Only one stretch of the listing below is wanted. Begin at the line that has "da2 Z j s = ext", stop after the line that has "(forall s, t_lo <= s <= t_hi -> forall n", and repeat every line in between exactly.

------------

Lemma ref_bounded : exists Bu, 0 <= Bu /\ forall s, t_lo <= s <= t_hi -> forall j,
  Rabs (ext M N (u s) 1%nat j) <= Bu /\ Rabs (ext M N (u s) 2%nat j) <= Bu /\
  Rabs (ext M N (du s) 1%nat j) <= Bu /\ Rabs (ext M N (du s) 2%nat j) <= Bu.
Proof.
  set (f := fun j s => Rabs (ext M N (u s) 1%nat j) + Rabs (ext M N (u s) 2%nat j) +
     Rabs (ext M N (du s) 1%nat j) + Rabs (ext M N (du s) 2%nat j)).
  destruct (bounded_uniform_fin f (fun s => t_lo <= s <= t_hi) N) as [B [HB HBf]].
  { intros j Hj. apply bounded_on_segment; [unfold t_lo, t_hi; lra|].
    intros c Hc. apply continuity_pt_filterlim.
    assert (Hc0 : 0 <= c) by (unfold t_lo in Hc; lra).
    destruct (is_derive_ext_ref c 1%nat j Hc0) as [D1 C1].
    destruct (is_derive_ext_ref c 2%nat j Hc0) as [D2 C2].
    change (continuous (f j) c). unfold f.
    repeat apply continuous_plusR; apply (continuous_Rabs_comp (fun s => ext M N _ _ _));
      auto; eapply is_derive_continuous; eauto. }
  exists B. split; auto. intros s Hs j.
  destruct (Compare_dec.le_lt_dec N j) as [Hj|Hj].
  - rewrite !ext_outer by (unfold inner_node; lia). rewrite Rabs_R0. repeat split; auto.
  - specialize (HBf j Hj s Hs). unfold f in HBf; cbv beta in HBf.
    pose proof (Rabs_pos (ext M N (u s) 1%nat j)). pose proof (Rabs_pos (ext M N (u s) 2%nat j)).
    pose proof (Rabs_pos (ext M N (du s) 1%nat j)). pose proof (Rabs_pos (ext M N (du s) 2%nat j)).
    rewrite Rabs_right in HBf by lra. repeat split; lra.
Qed.

Lemma nondegeneracy_margin : exists m, 0 < m /\ forall j, (1 <= j <= N - 1)%nat ->
  forall s, t_lo <= s <= t_hi ->
  m <= Rabs (/ 2 * ext M N (u s) 2%nat j - 2 * ext M N (u s) 1%nat j).
Proof.
  set (g := fun j s => Rabs (/ 2 * ext M N (u s) 2%nat j - 2 * ext M N (u s) 1%nat j)).
  destruct (positive_lower_bound_fin g (fun j => (1 <= j <= N - 1)%nat)
     (fun s => t_lo <= s <= t_hi) N) as [m [Hm H]].
  - intros j Hj Pj.
    destruct (continuity_ab_min (g j) t_lo t_hi) as [mx [Hmx Hr]]; [unfold t_lo, t_hi; lra| |].
    + intros c Hc. apply continuity_pt_filterlim.
      assert (Hc0 : 0 <= c) by (unfold t_lo in Hc; lra).
      destruct (is_derive_ext_ref c 1%nat j Hc0) as [D1 _].
      destruct (is_derive_ext_ref c 2%nat j Hc0) as [D2 _].
      apply (continuous_Rabs_comp (fun s => _ - _)).
      apply continuous_minusR; apply continuous_multR; try apply continuous_constR;
        eapply is_derive_continuous; eauto.
    + exists (g j mx). split; [|intros t Ht; apply Hmx; auto].
      apply Rabs_pos_lt, Hnd; auto. unfold t_lo in Hr; lra.
  - exists m. split; auto. intros j Hj s Hs. apply (H j); auto. lia.
Qed.

Definition rho Z j s := corr Z s (M - 1) 0 j.
Definition drho Z j s := corr Z s (M - 1) 1 j.
Definition a1 Z j s := ext M N (state Z s) 1%nat j.
Definition da1 Z j s := ext M N (velocity Z s) 1%nat j.
Definition a2 Z j s := ext M N (state Z s) 2%nat j.
Definition da2 Z j s := ext M N (velocity Z s) 2%nat j.

Lemma rho_before Z j s : s <= t_on -> rho Z j s = 0 /\ drho Z j s = 0.
Proof. intros Hs. split; apply corr_before; auto. Qed.

Lemma is_derive_rho Z j s : is_derive (rho Z j) s (drho Z j s) /\ continuous (drho Z j) s.
Proof.
  split; [apply (is_derive_corr Z (M - 1) 0 j s); unfold order; lia|].
  apply (is_derive_continuous _ _ (corr Z s (M - 1) 2 j)).
  apply (is_derive_corr Z (M - 1) 1 j s). unfold order; lia.
Qed.

Lemma is_derive_a Z j s : t_lo < s ->
  is_derive (a1 Z j) s (da1 Z j s) /\ is_derive (a2 Z j) s (da2 Z j s) /\
  continuous (da1 Z j) s /\ continuous (da2 Z j) s.
Proof.
  intros Hs. assert (H0 : 0 <= s) by (unfold t_lo in Hs; lra).
  destruct (is_derive_ext_state Z s 1%nat j H0), (is_derive_ext_state Z s 2%nat j H0). tauto.
Qed.

Lemma boundary_state_decomp Z j s : (1 <= j <= N - 1)%nat ->
  a1 Z j s = ext M N (u s) 1%nat j + corr Z s (M - 2) 0 j /\
  da1 Z j s = ext M N (du s) 1%nat j + corr Z s (M - 2) 1 j /\
  a2 Z j s = ext M N (u s) 2%nat j + corr_next Z s (M - 2) 0 j /\
  da2 Z j s = ext M N (du s) 2%nat j + corr_next Z s (M - 2) 1 j.
Proof.
  intros Hj. assert (Hin : inner_node M N 1 j) by (unfold inner_node; lia).
  unfold a1, da1, a2, da2. rewrite ext_state, ext_velocity, ext_state, ext_velocity.
  pose proof (ext_corr_right Z s 0 1 j Hin) as E0. pose proof (ext_corr_right Z s 1 1 j Hin) as E1.
  simpl (1 + 1)%nat in E0, E1. rewrite !ext_corr, E0, E1 by auto.
  replace (M - 1 - 1)%nat with (M - 2)%nat by lia. repeat split.
Qed.

(* Near the target the column-0 value [rho] and the correction are small, so the linear
   coefficient of [bnd_quad] stays close to [2 (u_2/2 - 2 u_1)], which the non-degeneracy
   condition keeps away from 0. *)
Lemma boundary_coeff_bounds Z m Bu eps :
  (forall j, (1 <= j <= N - 1)%nat -> forall s, t_lo <= s <= t_hi ->
     m <= Rabs (/ 2 * ext M N (u s) 2%nat j - 2 * ext M N (u s) 1%nat j)) ->
  (forall s, t_lo <= s <= t_hi -> forall j,
     Rabs (ext M N (u s) 1%nat j) <= Bu /\ Rabs (ext M N (u s) 2%nat j) <= Bu /\
     Rabs (ext M N (du s) 1%nat j) <= Bu /\ Rabs (ext M N (du s) 2%nat j) <= Bu) ->
  eps <= 1 -> eps <= m / 16 ->
  (forall s, t_lo <= s <= t_hi -> forall n k j, (n <= M - 1)%nat -> (k + 2 * n <= order - 1)%nat ->
     Rabs (corr Z s n k j) <= eps /\ Rabs (corr_next Z s n k j) <= eps) ->
  forall j, (1 <= j <= N - 1)%nat -> forall s, t_lo <= s <= t_hi ->
    m <= Rabs (a2 Z j s - 4 * a1 Z j s + 3 * rho Z j s) /\
    Rabs (a2 Z j s - 2 * a1 Z j s + rho Z j s) <= 3 * Bu + 4 /\
    Rabs (rho Z j s) <= eps /\ Rabs (drho Z j s) <= eps /\
    Rabs (da1 Z j s) <= 3 * Bu + 4 /\ Rabs (da2 Z j s) <= 3 * Bu + 4.
Proof.
  intros Hmb HB He1 Hem Hcorr j Hj s Hs.
  destruct (boundary_state_decomp Z j s Hj) as [-> [-> [-> ->]]]. unfold rho, drho.
  destruct (Hcorr s Hs (M - 2)%nat 0%nat j ltac:(lia) ltac:(unfold order; lia)) as [B1 B2].
  destruct (Hcorr s Hs (M - 2)%nat 1%nat j ltac:(lia) ltac:(unfold order; lia)) as [B3 B4].
  destruct (Hcorr s Hs (M - 1)%nat 0%nat j ltac:(lia) ltac:(unfold order; lia)) as [B5 _].
  destruct (Hcorr s Hs (M - 1)%nat 1%nat j ltac:(lia) ltac:(unfold order; lia)) as [B6 _].
  destruct (HB s Hs j) as [U1 [U2 [U3 U4]]].
  pose proof (Hmb j Hj s Hs) as Mb.
  apply Rabs_le_inv in B1, B2, B3, B4, B5, B6, U1, U2, U3, U4.
  set (x1 := ext M N (u s) 1%nat j) in *. set (x2 := ext M N (u s) 2%nat j) in *.
  set (c1 := corr Z s (M - 2) 0 j) in *. set (c2 := corr_next Z s (M - 2) 0 j) in *.
  set (r := corr Z s (M - 1) 0 j) in *.
  repeat split; try (apply Rabs_le; lra).
  replace (x2 + c2 - 4 * (x1 + c1) + 3 * r) with (2 * (/ 2 * x2 - 2 * x1) + (c2 - 4 * c1 + 3 * r))
    by field.
  pose proof (Rabs_triang_inv (2 * (/ 2 * x2 - 2 * x1)) (- (c2 - 4 * c1 + 3 * r))) as Htri.
  rewrite Rabs_Ropp in Htri.
  replace (2 * (/ 2 * x2 - 2 * x1) - - (c2 - 4 * c1 + 3 * r))
    with (2 * (/ 2 * x2 - 2 * x1) + (c2 - 4 * c1 + 3 * r)) in Htri by ring.
  rewrite Rabs_mult, (Rabs_right 2) in Htri by lra.
  assert (Rabs (c2 - 4 * c1 + 3 * r) <= 8 * eps) by (apply Rabs_le; lra). lra.
Qed.

Section Perturbation.
Variables (Z : grid * grid) (m G eps : R).
Hypothesis Hm : 0 < m.
Hypothesis HG : 0 <= G.
Hypothesis Heps : 0 <= eps /\ eps <= m / 16 /\ 8 * eps * G <= m ^ 2 / 2 /\
  2 * eps * (3 * m + 28 * G) <= m ^ 2 / 2.
Hypothesis Hb : forall j, (1 <= j <= N - 1)%nat -> forall s, t_lo <= s <= t_hi ->
  m <= Rabs (a2 Z j s - 4 * a1 Z j s + 3 * rho Z j s) /\
  Rabs (a2 Z j s - 2 * a1 Z j s + rho Z j s) <= G /\
  Rabs (rho Z j s) <= eps /\ Rabs (drho Z j s) <= eps /\
  Rabs (da1 Z j s) <= G /\ Rabs (da2 Z j s) <= G.

Definition lam_bnd j := lam_root (rho Z j) (a1 Z j) (a2 Z j).
Definition dlam_bnd j := lam_root_deriv (rho Z j) (drho Z j) (a1 Z j) (da1 Z j) (a2 Z j) (da2 Z j).
Definition lam t j := lam_bnd j (squash T t).

Lemma lam_bnd_props j : (1 <= j <= N - 1)%nat -> forall s, s < t_hi ->
  Rabs (lam_bnd j s) <= 1 / 4 /\ Rabs (dlam_bnd j s) <= 1 / 2 /\
  bnd_quad (lam_bnd j s) (rho Z j s) (a1 Z j s) (a2 Z j s) = 0 /\
  is_derive (lam_bnd j) s (dlam_bnd j s) /\ continuous (dlam_bnd j) s.
Proof.
  intros Hj s Hs.
  assert (Ht : 0 < t_lo < t_on /\ t_on < t_hi) by (unfold t_lo, t_on, t_hi; lra).
  pose proof (rho_before Z j) as H0. pose proof (is_derive_rho Z j) as H1.
  pose proof (is_derive_a Z j) as H2. pose proof (Hb j Hj) as H3.
  destruct (lam_root_props _ _ _ _ _ _ _ _ _ _ _ _ Ht Hm HG Heps H0 H3 s Hs) as [L1 [L2 L3]].
  destruct (is_derive_lam_root _ _ _ _ _ _ _ _ _ _ _ _ Ht Hm Heps H0 H1 H2 H3 s Hs).
  tauto.
Qed.

Lemma lam_admissible : admissible N lam.
Proof.
  split.
  - exists (1 / 4). split; [lra|]. intros j Hj t Ht0. unfold lam.
    destruct (squash_range T t ltac:(lra) Ht0).
    apply (lam_bnd_props j Hj (squash T t) ltac:(unfold t_hi; lra)).
  - intros j Hj. exists (fun t => dlam_bnd j (squash T t) * squash_deriv T t).
    split; [|split].
    + intros t Ht0. destruct (squash_range T t ltac:(lra) Ht0).
      destruct (lam_bnd_props j Hj (squash T t) ltac:(unfold t_hi; lra)) as [_ [_ [_ [D _]]]].
      eapply is_derive_eq;
        [apply (is_derive_comp (lam_bnd j) (squash T)); [apply D|apply is_derive_squash]|
         reflexivity|].
      simpl. unfold scal; simpl. unfold mult; simpl. apply Rmult_comm.
    + apply continuous_on_forall. intros t Ht0. destruct (squash_range T t ltac:(lra) Ht0).
      destruct (lam_bnd_props j Hj (squash T t) ltac:(unfold t_hi; lra)) as [_ [_ [_ [_ C]]]].
      apply continuous_multR; [|apply continuous_squash_deriv].
      apply (continuous_comp (squash T)); auto.
      apply (is_derive_continuous _ _ _ (is_derive_squash T t)).
    + exists (1 / 2). split; [lra|]. intros t Ht0. destruct (squash_range T t ltac:(lra) Ht0).
      destruct (lam_bnd_props j Hj (squash T t) ltac:(unfold t_hi; lra)) as [_ [L2 _]].
      destruct (squash_deriv_bound T t).
      rewrite Rabs_mult, (Rabs_right (squash_deriv T t)) by lra.
      pose proof (Rabs_pos (dlam_bnd j (squash T t))). nra.
Qed.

------------

SOLUTION TO THIS TASK:
  da2 Z j s = ext M N (du s) 2%nat j + corr_next Z s (M - 2) 1 j.
Proof.
  intros Hj. assert (Hin : inner_node M N 1 j) by (unfold inner_node; lia).
  unfold a1, da1, a2, da2. rewrite ext_state, ext_velocity, ext_state, ext_velocity.
  pose proof (ext_corr_right Z s 0 1 j Hin) as E0. pose proof (ext_corr_right Z s 1 1 j Hin) as E1.
  simpl (1 + 1)%nat in E0, E1. rewrite !ext_corr, E0, E1 by auto.
  replace (M - 1 - 1)%nat with (M - 2)%nat by lia. repeat split.
Qed.

(* Near the target the column-0 value [rho] and the correction are small, so the linear
   coefficient of [bnd_quad] stays close to [2 (u_2/2 - 2 u_1)], which the non-degeneracy
   condition keeps away from 0. *)
Lemma boundary_coeff_bounds Z m Bu eps :
  (forall j, (1 <= j <= N - 1)%nat -> forall s, t_lo <= s <= t_hi ->
     m <= Rabs (/ 2 * ext M N (u s) 2%nat j - 2 * ext M N (u s) 1%nat j)) ->
  (forall s, t_lo <= s <= t_hi -> forall j,
     Rabs (ext M N (u s) 1%nat j) <= Bu /\ Rabs (ext M N (u s) 2%nat j) <= Bu /\
     Rabs (ext M N (du s) 1%nat j) <= Bu /\ Rabs (ext M N (du s) 2%nat j) <= Bu) ->
  eps <= 1 -> eps <= m / 16 ->
  (forall s, t_lo <= s <= t_hi -> forall n k j, (n <= M - 1)%nat -> (k + 2 * n <= order - 1)%nat ->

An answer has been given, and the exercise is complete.